VC is one of the many ways to raise funding. It has its pros and cons. One effective way to find VC funding is to line yourself up with a corporate finance boutique. If you have not yet analyzed all of the capital raising alternatives, a good corporate finance house can run you through the various options. If you have already analyzed the options and determined that VC is best, a corporate finance advisor can help groom your business for a capital raising round. Depending on your location, I may be able to introduce you to an advisor. If interested, send me a private message.
The Business Plans we present are never longer in time scope than 3 years. Most VC's today believe, and I agree, that more than 3 years of assumptions is just guesstimating. Years ago we did 5 year projections but have been advised numerous times by BP readers to shorten the timeline to be more credible.

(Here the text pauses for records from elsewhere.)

(* Let $T$ be a complete theory with monster model $\mathcal{U}$, $\mu\in\mathfrak{M}_x(\mathcal{U})$, $\nu\in\mathfrak{M}_y(\mathcal{U})$. If $\mu\geq_{\mathbb{E}}\nu$ and $\mu$ is smooth, then $\nu$ is smooth.
   Context: For $C\subseteq\mathcal{U}$, $\mathcal{L}_x(C)$ is the Boolean algebra of formulas in $x$ with parameters from $C$ modulo $T$, embedded in $\mathcal{L}_{xy}(C)$ via $\varphi(x)\mapsto\varphi(x)\wedge y=y$; $\mathfrak{M}_x(C)$ is the set of finitely additive probability measures on $\mathcal{L}_x(C)$. For $\omega\in\mathfrak{M}_{xy}(C)$, $\pi_x(\omega)(\varphi(x))=\omega(\varphi(x)\wedge y=y)$ (similarly $\pi_y$); $\omega|_D$ is restriction. For small $A$, $\mu\geq_{\mathbb{E},A}\nu$ means there is $\lambda\in\mathfrak{M}_{xy}(A)$ with $\pi_x(\lambda)=\mu|_A$ such that every $\omega\in\mathfrak{M}_{xy}(\mathcal{U})$ with $\omega|_A=\lambda$ and $\pi_x(\omega)=\mu$ satisfies $\pi_y(\omega)=\nu$; $\mu\geq_{\mathbb{E}}\nu$ means this for some small $A$. A global measure is smooth over $A$ if it is the unique global measure (in its variables) with its restriction to $A$; it is smooth if smooth over some small $A$. *)

From mathcomp Require Import all_boot all_order all_algebra.
From mathcomp Require Import classical_sets reals.
From Stdlib Require Import List.
Set Implicit Arguments. Unset Strict Implicit. Unset Printing Implicit Defensive.
Import Order.TTheory GRing.Theory Num.Theory.
Local Open Scope classical_set_scope.
Local Open Scope ring_scope.

Record language := Language {
  Fsym : Type; Fari : Fsym -> nat;
  Rsym : Type; Rari : Rsym -> nat }.

Record interp (L : language) (M : Type) := Interp {
  fint : forall f : Fsym L, ('I_(Fari f) -> M) -> M;
  rint : forall r : Rsym L, ('I_(Rari r) -> M) -> Prop }.

(* Terms and formulas (de Bruijn variables [tvar i]); parameters are
   elements of the parameter type [P] (we take [P := M]). *)
Inductive term (L : language) (P : Type) : Type :=
| tvar : nat -> term L P
| tpar : P -> term L P
| tapp : forall f : Fsym L, ('I_(Fari f) -> term L P) -> term L P.

Inductive formula (L : language) (P : Type) : Type :=
| feq : term L P -> term L P -> formula L P
| frel : forall r : Rsym L, ('I_(Rari r) -> term L P) -> formula L P
| fnot : formula L P -> formula L P
| fand : formula L P -> formula L P -> formula L P
| fex : formula L P -> formula L P.  (* binds variable 0 *)

Section Semantics.
Variables (L : language) (M : Type) (I : interp L M).

Definition scons (m : M) (e : nat -> M) : nat -> M :=
  fun i => match i with 0 => m | S j => e j end.

Fixpoint teval (e : nat -> M) (t : term L M) : M :=
  match t with
  | tvar i => e i
  | tpar c => c
  | tapp f args => fint I (fun j => teval e (args j))
  end.

Fixpoint sat (e : nat -> M) (phi : formula L M) : Prop :=
  match phi with
  | feq t1 t2 => teval e t1 = teval e t2
  | frel r args => rint I (fun j => teval e (args j))
  | fnot psi => ~ sat e psi
  | fand psi chi => sat e psi /\ sat e chi
  | fex psi => exists m, sat (scons m e) psi
  end.

Fixpoint tparams_in (C : set M) (t : term L M) : Prop :=
  match t with
  | tvar _ => True
  | tpar c => C c
  | tapp f args => forall j, tparams_in C (args j)
  end.

Fixpoint params_in (C : set M) (phi : formula L M) : Prop :=
  match phi with
  | feq t1 t2 => tparams_in C t1 /\ tparams_in C t2
  | frel r args => forall j, tparams_in C (args j)
  | fnot psi => params_in C psi
  | fand psi chi => params_in C psi /\ params_in C chi
  | fex psi => params_in C psi
  end.

(* The Boolean algebra L_x(C) (x a tuple of n variables): formulas in   *)
(* x with parameters from C modulo T = Th(U), i.e. (since T is the      *)
(* complete theory of U) the C-definable subsets of U^n.                *)

Definition definable (n : nat) (C : set M) (D : set ('I_n -> M)) : Prop :=
  exists phi : formula L M, params_in C phi /\
    forall e : nat -> M, D (fun i : 'I_n => e (nat_of_ord i)) <-> sat e phi.

(* finitely additive probability measures on L_n(C); a measure is a
   function on sets of n-tuples of which only the values on L_n(C)
   matter (all comparisons below are made on L_n(C) only). *)
Definition fa_prob (R : realType) (n : nat) (C : set M)
    (m : set ('I_n -> M) -> R) : Prop :=
  m setT = 1 /\
  (forall D, definable C D -> 0 <= m D) /\
  (forall D1 D2, definable C D1 -> definable C D2 -> D1 `&` D2 = set0 ->
     m (D1 `|` D2) = m D1 + m D2).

Notice that the government always projects over 10 years. How's that working out?
VC funding is always the longest shot unless you can show some level of sales traction. Start with angels, tech transfer opportunities, or 3F money (friends, family fools-a popular inside-VC comment).
Venture capitalist typically invest in businesses where they have an interest. They are most interested in knowing what's unique (faster, better, cheaper) than what is currently available. They also require a business plan to be able to determine when they will get a return on their investment. They are tough negotiators and you need to be prepared to be able to justify your valuation of your business.
Hi Busy Plat,
Venture capital needs to be applied for with people whom do VC deals. I always recommend to grow your business from natural nutrition and retain your shares and control. If you need help with how to grow your business with natural nutrition contact me for a chat.
Another great place to look is the Axial Forum on axial.net.
First you need a business plan to present. How long your in business, what your profit, what fund you put in. There are companies that do this one is called Angle investors. You NEED to go in prepared, like shark tank.
Google ad words are what you would look up if you were searching you. The top search words. KNOW what the other guy is doing.
Venture capitalist is a typical investor who is looking for a fast RoI in businesses where he has an interest. They are most interested in knowing what's unique in your business.He would also require a business plan to be able to determine the return on the investment. You need prepare your business plan and be able to justify your valuation of your business.
Go to a site like Gust and look at the VC groups that have an interest in your stage, money requirements, industry, etc. Most VC groups are verify specific as to these parameters. If you find any that you qualify for submit a deal sheet - shorter than an exec summary and they often times provide the format template they want to review.